Let’s also ignore for a minute the horrific stories of manhunts and genocide carried out against native peoples. Let’s ignore Serco, a private company that operates (for profit) the mass detention centers for visa-less refugees, under conditions that have been severely criticized. Let’s ignore that this multinational outsourcing company is based in Britain.

In other words, let’s ignore for a minute the layers of institutionalized cruelty prevailing today as it did among the ruling classes in England during the 18th and 19th centuries, as well as the cruelty with which Australians engineered the lives of non-British migrants. First they were Europeans such as dark-skinned Italians and Greeks who were Christians nonetheless. Then, God help us, they were Asians.

The land is large and needs laborers – “populate or perish” was the rallying cry in the mid-20th century. Australian labor unions chalked up some impressive achievements in their struggle to establish the eight-hour workday at the end of the 19th century, but they objected to importing competing laborers from China. These unions, obviously, didn’t include the Aborigines or oppose the Aborigines’ brutal dispossession.

Perpetuation of military prowess

If one ignores all the cruelty, the architecture reflects the natural yearnings of perfectly ordinary people to expand England, London or Dublin a little — to gain more land for their villages and pasture land for their sheep. In the course of all this, unintentionally, truly inadvertently, native peoples were evicted.
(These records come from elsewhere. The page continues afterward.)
Lemma measurable_fun_norm_pos (R : realType) (f : R -> R) (D : set R) :
  {in `]0, +oo[, continuous f} -> measurable D -> D `<=` `]0, +oo[ ->
  measurable_fun D (fun s => `|f s|).
Proof.
move=> cf mD DP; apply: (measurableT_comp (@normr_measurable R setT)).
exact: measurable_fun_continuous_pos.
Qed.

Lemma compact_pos_inv_bounded {R : realType} {K : set R} :
  compact K -> K `<=` Rpos -> exists M, forall x, K x -> x^-1 <= M.
Proof.
move=> cK KR.
have : compact [set x^-1 | x in K].
  apply: continuous_compact => //; apply: continuous_in_subspaceT => x.
  rewrite inE => /KR; rewrite RposE => x0.
  by apply: inv_continuous; rewrite gt_eqF.
move=> /compact_bounded[N [_ N1x]].
exists (`|N| + 1) => x Kx; apply: le_trans (ler_norm _) _.
by apply: (N1x (`|N| + 1)); [rewrite ltr_pwDr // ler_norm | exists x].
Qed.

Lemma normr_le_hypotl (R : realType) (a b : R) : `|a| <= Num.sqrt (a ^+ 2 + b ^+ 2).
Proof. by rewrite -sqrtr_sqr; apply: ler_wsqrtr; rewrite lerDl sqr_ge0. Qed.

Lemma normr_le_hypotr (R : realType) (a b : R) : `|b| <= Num.sqrt (a ^+ 2 + b ^+ 2).
Proof. by rewrite -sqrtr_sqr; apply: ler_wsqrtr; rewrite lerDr sqr_ge0. Qed.

Lemma hypot_le_normD (R : realType) (a b : R) :
  Num.sqrt (a ^+ 2 + b ^+ 2) <= `|a| + `|b|.
Proof.
rewrite -[X in _ <= X]ger0_norm ?addr_ge0 // -sqrtr_sqr; apply: ler_wsqrtr.
by rewrite sqrrD !real_normK ?num_real // addrAC lerDl mulrn_wge0 // mulr_ge0.
Qed.

Lemma cvg_series_hypot (R : realType) (a b : R ^nat) :
  cvgn (series (fun k => `|a k|)) -> cvgn (series (fun k => `|b k|)) ->
  cvgn (series (fun k => Num.sqrt (a k ^+ 2 + b k ^+ 2))).
Proof.
move=> ca cb; apply: (@series_le_cvg _ _ (fun k => `|a k| + `|b k|)).
- by move=> k; exact: sqrtr_ge0.
- by move=> k; rewrite addr_ge0.
- by move=> k; exact: hypot_le_normD.
- exact: is_cvg_seriesD.
Qed.

Section good_kernel_estimates.
Variable R : realType.
Notation mu := (@lebesgue_measure R).
Variables u u' : R -> R.
Hypothesis du : forall x : R, 0 < x -> is_derive x 1 u (u' x).
Hypothesis cu' : {within `[0, +oo[, continuous u'}.

Lemma continuous_pos : {in `]0, +oo[, continuous u}.
Proof.
move=> x; rewrite in_itv /= andbT => x0.
apply: differentiable_continuous; apply/derivable1_diffP.
by have [] := du x0.
Qed.

Lemma derivative_continuous_pos : {in `]0, +oo[, continuous u'}.
Proof. by have /continuous_within_itvcyP[] := cu'. Qed.

Definition kernel_weight (s : R) : R := `|u s| + s * `|u' s|.

Lemma kernel_weight_ge0 s : 0 <= s -> 0 <= kernel_weight s.
Proof. by move=> s0; rewrite addr_ge0 // mulr_ge0. Qed.

Lemma measurable_fun_weighted_derivative (D : set R) :
  measurable D -> D `<=` `]0, +oo[ -> measurable_fun D (fun s => s * `|u' s|).
Proof.
move=> mD DP; apply: measurable_funM; first exact: measurable_id.
exact: measurable_fun_norm_pos derivative_continuous_pos mD DP.
Qed.

Lemma measurable_kernel_weight (D : set R) :
  measurable D -> D `<=` `]0, +oo[ -> measurable_fun D (EFin \o kernel_weight).
Proof.
move=> mD DP; apply/measurable_EFinP; apply: measurable_funD.
- exact: measurable_fun_norm_pos continuous_pos mD DP.
- exact: measurable_fun_weighted_derivative.
Qed.

Lemma normB_le_integral_derivative a b : 0 < a -> a < b ->
  (`|u b - u a|%:E <= \int[mu]_(s in `[a, b]) `|u' s|%:E)%E.
Proof.
move=> a0 ab.
have sub : `[a, b] `<=` `]0, +oo[.
  by move=> s /=; rewrite !in_itv /= andbT => /andP[+ _]; exact: lt_le_trans.
rewrite -abse_EFin EFinB -(@continuous_FTC2 R u' u a b ab).
- apply: le_trans (le_abse_integral _ _ _) _ => //.
  apply/measurable_EFinP.
  exact: measurable_fun_continuous_pos derivative_continuous_pos _ sub.
- apply: continuous_subspaceW cu' => s /=; rewrite !in_itv /= andbT.
  by move=> /andP[+ _]; apply: le_trans; exact: ltW.
- split.
  + move=> x; rewrite in_itv /= => /andP[ax _].
    by have [] := du (lt_trans a0 ax).
  + by apply: cvg_at_right_filter; apply: continuous_pos; rewrite in_itv /= a0.
  + apply: cvg_at_left_filter; apply: continuous_pos.
    by rewrite in_itv /= andbT (lt_trans a0 ab).
- move=> x; rewrite in_itv /= => /andP[ax _].
  by rewrite derive1E; have [] := du (lt_trans a0 ax).
Qed.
The imported filigreed woodwork on the front of homes captures in a nutshell the people’s hopes for a better life, along with the look, esthetics, vegetation and prayer books from back home. Compared to the United States, the British colony in Australia looks very fresh.
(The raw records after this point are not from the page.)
(* For any $\theta=(B,\Omega)$ and $\psi_i=(m_i,s_i)$, $\big[\nabla_{\mathrm{vec}(B)\psi_i}J_i(\nabla_{\psi_i\psi_i}J_i)^{-1}\nabla_{\psi_i\mathrm{vec}(B)}J_i\big](\theta,\psi_i)=-(D_{\tilde a_i}^{1/2}E_iD_{\tilde a_i}^{1/2})\otimes x_ix_i^\top$, where $E_i=G_i+(I_p-G_i)C_i(I_p-G_i)$, $G_i=D_{s_i}\Lambda_iD_{s_i}$, $\Lambda_i=\big(I_p+D_{s_i}^2(D_{\tilde a_i}+D_{\tilde a_i}D_{s_i}^2+\Omega_D)\big)^{-1}D_{\tilde a_i}D_{s_i}^2$ and $C_i=\big(I_p+D_{\tilde a_i}^{-1/2}\Omega D_{\tilde a_i}^{-1/2}-D_{s_i}\Lambda_iD_{s_i}\big)^{-1}$.
   Context: PLN model, observation $i$ with counts $Y_i\in\mathbb N^p$, covariate $x_i\in\mathbb R^m$, offset $o_i\in\mathbb R^p$; $B\in\mathcal M_{m,p}(\mathbb R)$ (columns $B_j$), $\Omega$ symmetric positive definite. Variational parameter $\psi_i=(m_i,s_i)\in\mathbb R^p\times(0,\infty)^p$. Single-observation ELBO: $J_i(\theta,\psi_i)=Y_i^\top(o_i+m_i+B^\top x_i)-\tilde a_i^\top1_p-\sum_j\log(Y_{ij}!)+\frac12\log|\Omega|-\frac12m_i^\top\Omega m_i-\frac12\mathrm{diag}(\Omega)^\top s_i^2+\sum_j\log s_{ij}+\frac p2$, $\tilde a_{ij}=\exp(o_{ij}+x_i^\top B_j+m_{ij}+s_{ij}^2/2)$. $\mathrm{vec}(B)$ stacks the columns of $B$. Notation: $D_v=\mathrm{Diag}(v)$, $\Omega_D=I_p\odot\Omega$, $\otimes$ Kronecker product. *)

From HB Require Import structures.
From mathcomp Require Import all_boot all_order all_algebra.
From mathcomp Require Import all_classical all_reals all_analysis.
From mathcomp.real_closed Require Import mxtens.

Set Implicit Arguments.
Unset Strict Implicit.
Unset Printing Implicit Defensive.

Import Order.TTheory GRing.Theory Num.Theory.
Import numFieldNormedType.Exports.
Local Open Scope ring_scope.

Section PLN.
Variables (R : realType) (p m : nat).

(* \tilde a_{ij} = exp(o_ij + x_i^T B_j + m_ij + s_ij^2/2);
   x : 'rV_m (row vector x_i^T), o, mu, s : 'rV_p, B : 'M_(m,p). *)
Definition atil (x : 'rV[R]_m) (o : 'rV[R]_p) (B : 'M[R]_(m, p))
  (mu s : 'rV[R]_p) : 'rV[R]_p :=
  \row_j expR (o 0 j + (x *m B) 0 j + mu 0 j + s 0 j ^+ 2 / 2).

Definition ELBO (Y : 'I_p -> nat) (x : 'rV[R]_m) (o : 'rV[R]_p)
  (B : 'M[R]_(m, p)) (Om : 'M[R]_p) (mu s : 'rV[R]_p) : R :=
  \sum_j (Y j)%:R * (o 0 j + mu 0 j + (x *m B) 0 j)
  - \sum_j atil x o B mu s 0 j
  - \sum_j ln ((Y j)`!)%:R
  + 2^-1 * ln (\det Om)
  - 2^-1 * (mu *m Om *m mu^T) 0 0
  - 2^-1 * \sum_j Om j j * s 0 j ^+ 2
  + \sum_j ln (s 0 j)
  + p%:R / 2.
“I speak to you as one settler to another” is how I usually start my lectures to the converted, namely audiences who oppose the Israeli occupation (it’s my habit to tell listeners things they don’t want to hear). My audience members clear their throats, pause and giggle with embarrassment.
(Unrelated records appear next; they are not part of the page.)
Lemma moments_lincomb a : moments (lincomb a) = G *m a^T.
Proof.
apply/matrixP => j z; rewrite !mxE.
under eq_fun do rewrite /lincomb mulr_suml.
rewrite cubature_sum; apply: eq_bigr => i _.
rewrite !mxE [z]ord1 mulrC -cubatureZ; congr cubature; apply/funext => y; ring.
Qed.

Lemma momentsB f g : moments (fun y => f y - g y) = moments f - moments g.
Proof.
apply/matrixP => j z; rewrite !mxE -cubatureB.
by congr cubature; apply/funext => y; rewrite mulrBl.
Qed.

Lemma wlsE f : wls f = lincomb (invmx G *m moments f)^T.
Proof. by apply/funext => y; apply: eq_bigr => j _; rewrite [in RHS]mxE. Qed.

Lemma wls_split f p : polys n p -> wls f = fun y => p y + wls (fun y => f y - p y) y.
Proof.
move=> /poly_lincomb [a ->]; rewrite !wlsE momentsB moments_lincomb.
rewrite mulmxBr mulKmx ?gram_unit //; apply/funext => y.
by rewrite -lincombD linearB /= trmxK addrC subrK.
Qed.

Lemma qform_wls g :
  qform G (invmx G *m moments g)^T = cubature w xs (fun y => g y * wls g y).
Proof.
rewrite wlsE /qform /bform trmxK -mulmxA mulKVmx ?gram_unit // mxE.
have -> : (fun y => g y * lincomb (invmx G *m moments g)^T y) =
    (fun y => \sum_j g y * ((invmx G *m moments g)^T 0 j * phi j y)).
  by apply/funext => y; rewrite /lincomb mulr_sumr.
rewrite cubature_sum; apply: eq_bigr => j _; rewrite !mxE -cubatureZ.
by congr cubature; apply/funext => y; ring.
Qed.

(* The cubature rule defines a semi-inner product in which wls is the
   orthogonal projection onto the polynomials, hence a contraction. *)
Lemma cubature_wls_sqr_le g :
  cubature w xs (fun y => wls g y ^+ 2) <= cubature w xs (fun y => g y ^+ 2).
Proof.
set q := wls g.
have gq : cubature w xs (fun y => g y * q y) = cubature w xs (fun y => q y ^+ 2).
  by rewrite /q -qform_wls wlsE cubature_lincomb_sqr.
have := cubature_sqr_ge0 xs w_ge0 (fun y => g y - q y).
have -> : cubature w xs (fun y => (g y - q y) ^+ 2) =
    cubature w xs (fun y => g y ^+ 2) - 2 * cubature w xs (fun y => g y * q y)
    + cubature w xs (fun y => q y ^+ 2).
  by rewrite /cubature !mulr_sumr -sumrB -big_split /=; apply: eq_bigr => i _; ring.
rewrite gq; lra.
Qed.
I was surprised to learn that they don’t experience the urban surroundings they live in as a settlement, as a colonial import, as a perpetuation of military prowess and white supremacy. This is the case even though before every event they declared that the land we were on was Aboriginal land, noting even the name of the displaced native tribe or people.

“But at some point settlers also become natives,” I said, adding my contribution to the sociopolitical analysis of their cognitive dissonance between their comfortable lives and their ceremonial declarations.

In saying all this, I’m aiming at something that I’ll address in the future. At this point I’ll add that on May 1, in the city of Dunedin on New Zealand’s southern island, only 30 or 40 people came to a rally to show solidarity with a struggle against the Western Australia authorities, who intend to stop funding health, education and infrastructure to remote Aboriginal communities, thus causing their disintegration. One sign read “boycott Australia,” while another read “boycott Australian sport.”

“This isn’t a very new slogan, but boycotting Australia isn’t possible due to the tight commercial links we have with it,” a local radio correspondent told me.

“On the other hand, one could imagine boycotting sporting events – the boycott of South Africa’s rugby team during the apartheid years is still very much alive in people’s memories. On the other hand, rugby is a religion here and fans won’t support a boycott very easily,” he said.

“However, some of the best players are Maori, New Zealand’s Aboriginal people. Maybe they will demand a boycott. Ultimately, the call for a boycott is important even as a token, since it raises awareness and international pressure.”